Let $I=\langle 3, x^3+x^2+1\rangle$ be an ideal in $\mathbb{Z}[x]$.
How do we see that $(x-1)\notin I$?
I have a roundabout way that is kind of clumsy.
Thanks a lot.
Suppose to the contrary $(x-1)\in I$.
Then $x-1=3g(x)+f(x)h(x)$, where $f(x)=x^3+x^2+1$.
Write $g(x)=f(x)q(x)+r(x)$, with $\deg r<3$.
Then $x-1=3(fq+r)+fh=f(3q+h)+3r$.
So $x-1-3r=f(3q+h)$. Since the LHS has degree strictly less than $3$, while $f$ has degree $3$, thus $x-1-3r=f(3q+h)=0$.
This implies $x-1=3r(x)$ which is a contradiction by considering the constants in the equation modulo $3$.
Your proof seems to be correct.

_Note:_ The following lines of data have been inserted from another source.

Lemma effect_gpo_feasible E M s : Dmin_feasible Ps eps E -> 1 < M ->
  0 <= s -> s < M^-1 -> (forall tau, Es tau -> complex.Re (\tr (E *m tau)) <= s) ->
  gpo_feasible Ps Es eps M.
Proof.
move=> [hE hEP] M1 s0 sM hs; have M0 : 0 < M by exact: lt_trans M1.
have Mi1 : M^-1 < 1 by rewrite invf_lt1.
(* mixing in the identity with weight [c] keeps the charge probability
   positive on [Es] while staying below [1/M] *)
pose c := M^-1 - s.
have c0 : 0 < c by rewrite /c subr_gt0.
have c1 : c <= 1 by rewrite /c lerBlDr (le_trans (ltW Mi1)) // lerDl.
pose A := (1 - c)%:C%C *: E + c%:C%C *: 1%:M.
have hA : effect A by apply: effect_mix; rewrite ?c1 ?ltW.
have trA X : density X ->
    complex.Re (\tr (A *m X)) = (1 - c) * complex.Re (\tr (E *m X)) + c.
  move=> [_ tr1]; rewrite mulmxDl -!scalemxAl mul1mx mxtraceD !mxtraceZ tr1.
  by case: (\tr (E *m X)) => a b /=; ring.
split=> //; exists (measure_prepare A); split; first exact: measure_prepare_cptp.
  move=> rho /[dup] /hPs hrho /hEP; rewrite mulmxBr mulmx1 mxtraceD raddfN /=.
  rewrite hrho.2 mxtrace_mulC => rho_eps; apply: measure_prepare_trdist => //.
  have := mxtrace_effect_density_le1 hE hrho; rewrite trA //.
  move: rho_eps; case: (\tr (E *m rho)) => a b /= ha a1.
  have : 0 <= c * (1 - a) by apply: mulr_ge0; lra.
  lra.
move=> tau /[dup] /hEs htau /hs x_s.
have x0 : 0 <= complex.Re (\tr (E *m tau)).
  have := mxtrace_psd_mul_ge0 hE.1 htau.1.
  by rewrite {1}(mxtrace_psd_mul_real hE.1 htau.1) ler0c.
have := mulr_ge0 (ltW c0) s0; have := mulr_ge0 (ltW c0) x0.
have t0 : 0 < complex.Re (\tr (A *m tau)) by rewrite trA //; nra.
exists (complex.Re (\tr (A *m tau)))^-1; split; last exact: measure_prepare_piM.
rewrite -[M]invrK lef_pV2 ?posrE ?invr_gt0 // trA // -[M^-1](subrK s) -/c.
nra.
Qed.

Definition min_type2_error := ereal_inf [set supTr Es E | E in Dmin_feasible Ps eps].

Lemma min_type2_error_ge0 : (0 <= min_type2_error)%E.
Proof. by apply: le_ereal_inf_tmp => _ [E _ <-]; exact: supTr_ge0. Qed.

Lemma min_type2_error_le1 : 0 <= eps -> (min_type2_error <= 1)%E.
Proof.
move=> eps0; apply: ge_ereal_inf; exists (supTr Es 1%:M).
  exists 1%:M => //; split; last by move=> rho _; rewrite subrr mulmx0 mxtrace0.
  split; first exact: psd1.
  by rewrite subrr; apply/psdP => v; rewrite /sform mulmx0 mul0mx mxE.
rewrite /supTr; apply: ge_ereal_sup => _ [-> | [tau /hEs [_ tr1] <-]]; first by rewrite lee_fin.
rewrite mulmx1 tr1 lee_fin; exact: lexx.
Qed.

Lemma gpo_feasible_large M : 1 < M -> (min_type2_error < (M^-1)%:E)%E ->
  gpo_feasible Ps Es eps M.
Proof.
move=> M1 /ereal_inf_lt[_ [E hE <-] hsup].
have sfin : supTr Es E \is a fin_num.
  by rewrite ge0_fin_numE ?supTr_ge0 // (lt_trans hsup) ?ltry.
apply: (effect_gpo_feasible (s := fine (supTr Es E)) hE M1).
- by rewrite -lee_fin fineK ?supTr_ge0.
- by rewrite -lte_fin fineK.
- by move=> tau htau; rewrite mxtrace_mulC -lee_fin fineK ?supTr_ub.
Qed.

Lemma gpo_feasible_bound M : gpo_feasible Ps Es eps M ->
  (min_type2_error <= (M^-1)%:E)%E.
Proof.
move=> /gpo_feasible_effect[E hE hle].
by apply: ge_ereal_inf; exists (supTr Es E) => //; exists E.
Qed.

End Feasibility.

Theorem theorem6 (R : realType) (n : nat) (eps : R)
  (Ps Es : set 'M[R[i]]_n)
  (heps0 : 0 <= eps) (heps1 : eps < 1)
  (hPs : Ps `<=` @density R n) (hEs : Es `<=` @density R n) :
  betaW_GPO Ps Es eps = Dmin Ps Es eps.
Proof.
rewrite /betaW_GPO /Dmin -/(min_type2_error Ps Es eps).
have large := gpo_feasible_large hPs hEs (eps := eps).
case: ifPn => [/eqP m0 | m_neq0]; first exact: lnE_sup_threshold_eq0 large m0.
apply: lnE_sup_threshold_gt0 => //.
- exact: min_type2_error_le1.
- exact: gpo_feasible_bound.
- by rewrite lt0e m_neq0 min_type2_error_ge0.
Qed.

Here is another way to prove the claim.
We know that $$\Bbb Z[x]/I \cong \Bbb F_3[X]/(X^3+X^2+1),$$ which has $3^3=27$ elements.

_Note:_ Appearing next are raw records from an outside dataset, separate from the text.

(* For [i = (A, y)] let [p_j(i, t) = P(xi_t(y) = j, xi_t = 0 on A)]. The forward
   equations close on these cylinder probabilities:
   [p_j(i)' = - c_A p_j(i) + sum_k w_k p_j(i_k) -/+ mu p_1(i)], with weights [w_k >= 0]
   leading to indices whose set [A] is larger by at most one site; only the mutation
   term couples the two strains. Hence [D(i, t) = p_2(i, t) + (1 - e^(mu t)) p_1(i, t)]
   solves the cooperative system [D' = - c D + sum_k w_k D(i_k)] with [D(i, 0) >= 0],
   and [D] is bounded below on bounded time intervals. Since the total weight out of
   [i] grows at most like [alpha (|A| + 1)], a Picard-type induction on a short interval
   improves the lower bound [- B] to [- B C(|A| + N, N) (alpha t)^N], which tends to 0
   when [alpha t <= 1/4]; stepping in time, [D >= 0] everywhere.
   For [A] empty this reads [(e^(mu t) - 1) P(xi_t(x) = 1) <= P(xi_t(x) = 2) <= 1],
   so [P(xi_t(x) = 1) <= 1 / (mu t)]. *)

Section RealFacts.
Variable R : realType.

Lemma is_derive_continuous (f : R -> R) (x df : R) :
  is_derive x 1 f df -> {for x, continuous f}.
Proof.
by move=> f_x; apply: differentiable_continuous; apply/derivable1_diffP; exact: ex_derive.
Qed.

Lemma is_derive_sub_cst (t0 x : R) : is_derive x 1 (fun s : R => s - t0) 1.
Proof. by have := is_deriveB (is_derive_id x 1) (is_derive_cst t0 x 1); rewrite subr0. Qed.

Assume that $x-1 \in I$. Then $(3,x-1) \subseteq I$, and since $(3,x-1)$ is a maximal ideal of $\Bbb Z[x]$, we would get $(3,x-1)=I$ or $I=(1)$. The latter case is not possible because $\Bbb Z[x]/I$ is not the trivial ring. Therefore we would have $$\Bbb Z[x]/I \cong \Bbb F_3[X]/(X-1) \cong \Bbb F_3$$ which has $3 \neq 27$ elements ; contradiction.